+++ Material for this task

(* Let $C\subseteq 2^X$ be an ample class and $r:C\to X(C)$ a representation map. Then: (C1) for every $c\in C$, the cube of $2^X$ with support $r(c)$ that contains $c$ is contained in $C$ (i.e. all out-neighbours of $c$ under $o_r$ belong to a cube of $C$); (C2) for every cube $B$ of $C$, there is a unique $c\in B$ with $r(c)\cap\mathrm{supp}(B)=\varnothing$, i.e. $c$ is the unique sink of $o_r$ restricted to the edges of $B$; consequently $o_r$ is a unique sink orientation on each cube of $C$.
   Context: $X$ is finite; concepts are identified with characteristic functions; $C|Y=\{c|Y:c\in C\}$; $Y$ is shattered by $C$ if $C|Y=2^Y$. A cube of $2^X$ is $\{T\cup Z:Z\subseteq Y\}$, $Y\subseteq X$, $T\subseteq X\setminus Y$, support $\mathrm{supp}=Y$; a cube of $C$ is one contained in $C$. $C$ is ample if every shattered set is the support of a cube of $C$; $X(C)$ is the family of shattered sets. A representation map is a bijection $r:C\to X(C)$ with $c|(r(c)\cup r(c'))\ne c'|(r(c)\cup r(c'))$ for all distinct $c,c'$. For a representation map and any two concepts $c,c'\in C$ with $c\Delta c'=\{x\}$, one has $r(c)\Delta r(c')=\{x\}$; the orientation $o_r$ of the graph $G(C)$ (edges between concepts at Hamming distance 1) orients such an edge from $c$ to $c'$ iff $x\in r(c)\setminus r(c')$. An orientation of a cube is a unique sink orientation if every subcube has exactly one sink (vertex with no outgoing edge inside that subcube). *)

From mathcomp Require Import all_boot.
Set Implicit Arguments. Unset Strict Implicit. Unset Printing Implicit Defensive.

Section Defs.
Variable X : finType.
Implicit Types (C : {set {set X}}) (c Y T : {set X}).

Definition restr c Y : {set X} := c :&: Y.

Definition shattered C Y : bool := [set restr c Y | c in C] == powerset Y.

(* the cube {T ∪ Z : Z ⊆ Y} of 2^X (T is meant to be disjoint from Y) *)
Definition cube T Y : {set {set X}} := [set T :|: Z | Z in powerset Y].

Definition is_cube T Y : bool := [disjoint T & Y].

Definition cube_of C T Y : bool := is_cube T Y && (cube T Y \subset C).

Definition ample C : Prop :=
  forall Y, shattered C Y -> exists T, cube_of C T Y.

Definition shattered_sets C : {set {set X}} := [set Y | shattered C Y].

Definition representation_map C (r : {set X} -> {set X}) : Prop :=
  [/\ {in C &, injective r},
      r @: C = shattered_sets C &
      {in C &, forall c c', c != c' ->
          restr c (r c :|: r c') != restr c' (r c :|: r c')}].

Definition oriented (r : {set X} -> {set X}) c c' : Prop :=
  exists x, (c :\: c') :|: (c' :\: c) = [set x] /\ x \in r c :\: r c'.

Definition sink (r : {set X} -> {set X}) (B : {set {set X}}) c : Prop :=
  c \in B /\ forall c', c' \in B -> ~ oriented r c c'.

Definition USO_on (r : {set X} -> {set X}) T Y : Prop :=
  forall T' Y', is_cube T' Y' -> cube T' Y' \subset cube T Y ->
    exists! c, sink r (cube T' Y') c.

End Defs.

From mathcomp Require Import all_boot.
Set Implicit Arguments. Unset Strict Implicit. Unset Printing Implicit Defensive.

(* A representation map is a bijection from C onto its shattered sets, so for
   every W the concepts d with r d \subset W are at least as many as the traces
   of C on W (Sauer-Shelah-Pajor applied to the trace), while d |-> d :&: W is
   injective on them by the non-clashing condition: it is a bijection onto the
   trace.
   On a cube (T, Y), taking W = ~: Y :|: V, the concepts d of the cube with
   r d :&: Y \subset V are as many as the traces on V of the concepts of the cube.
   - V = set0 yields the unique concept of a cube of C whose representative
     misses Y; it is the unique sink, because W = ~: [set y] turns any
     y \in r d :&: Y into an out-neighbour of d in the cube.
   - For Y \subset r c, induction on #|Y| shows that the traces on every proper
     V \proper Y are all of powerset V; Moebius inversion then gives one concept
     with r d :&: Y = V for each such V, and c adds one with r c :&: Y = Y, so
     the cube through c with support Y has all its 2 ^ #|Y| points in C. *)

Section Shattering.
Variable X : finType.
Implicit Types (D : {set {set X}}) (U Y Z d e : {set X}).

++++++

[Your objective] From the line holding "misses Y; it" down to the final line above, copy each line exactly, and leave out everything before it.

[Answer below]
     misses Y; it is the unique sink, because W = ~: [set y] turns any
     y \in r d :&: Y into an out-neighbour of d in the cube.
   - For Y \subset r c, induction on #|Y| shows that the traces on every proper
     V \proper Y are all of powerset V; Moebius inversion then gives one concept
     with r d :&: Y = V for each such V, and c adds one with r c :&: Y = Y, so
     the cube through c with support Y has all its 2 ^ #|Y| points in C. *)

Section Shattering.
Variable X : finType.
Implicit Types (D : {set {set X}}) (U Y Z d e : {set X}).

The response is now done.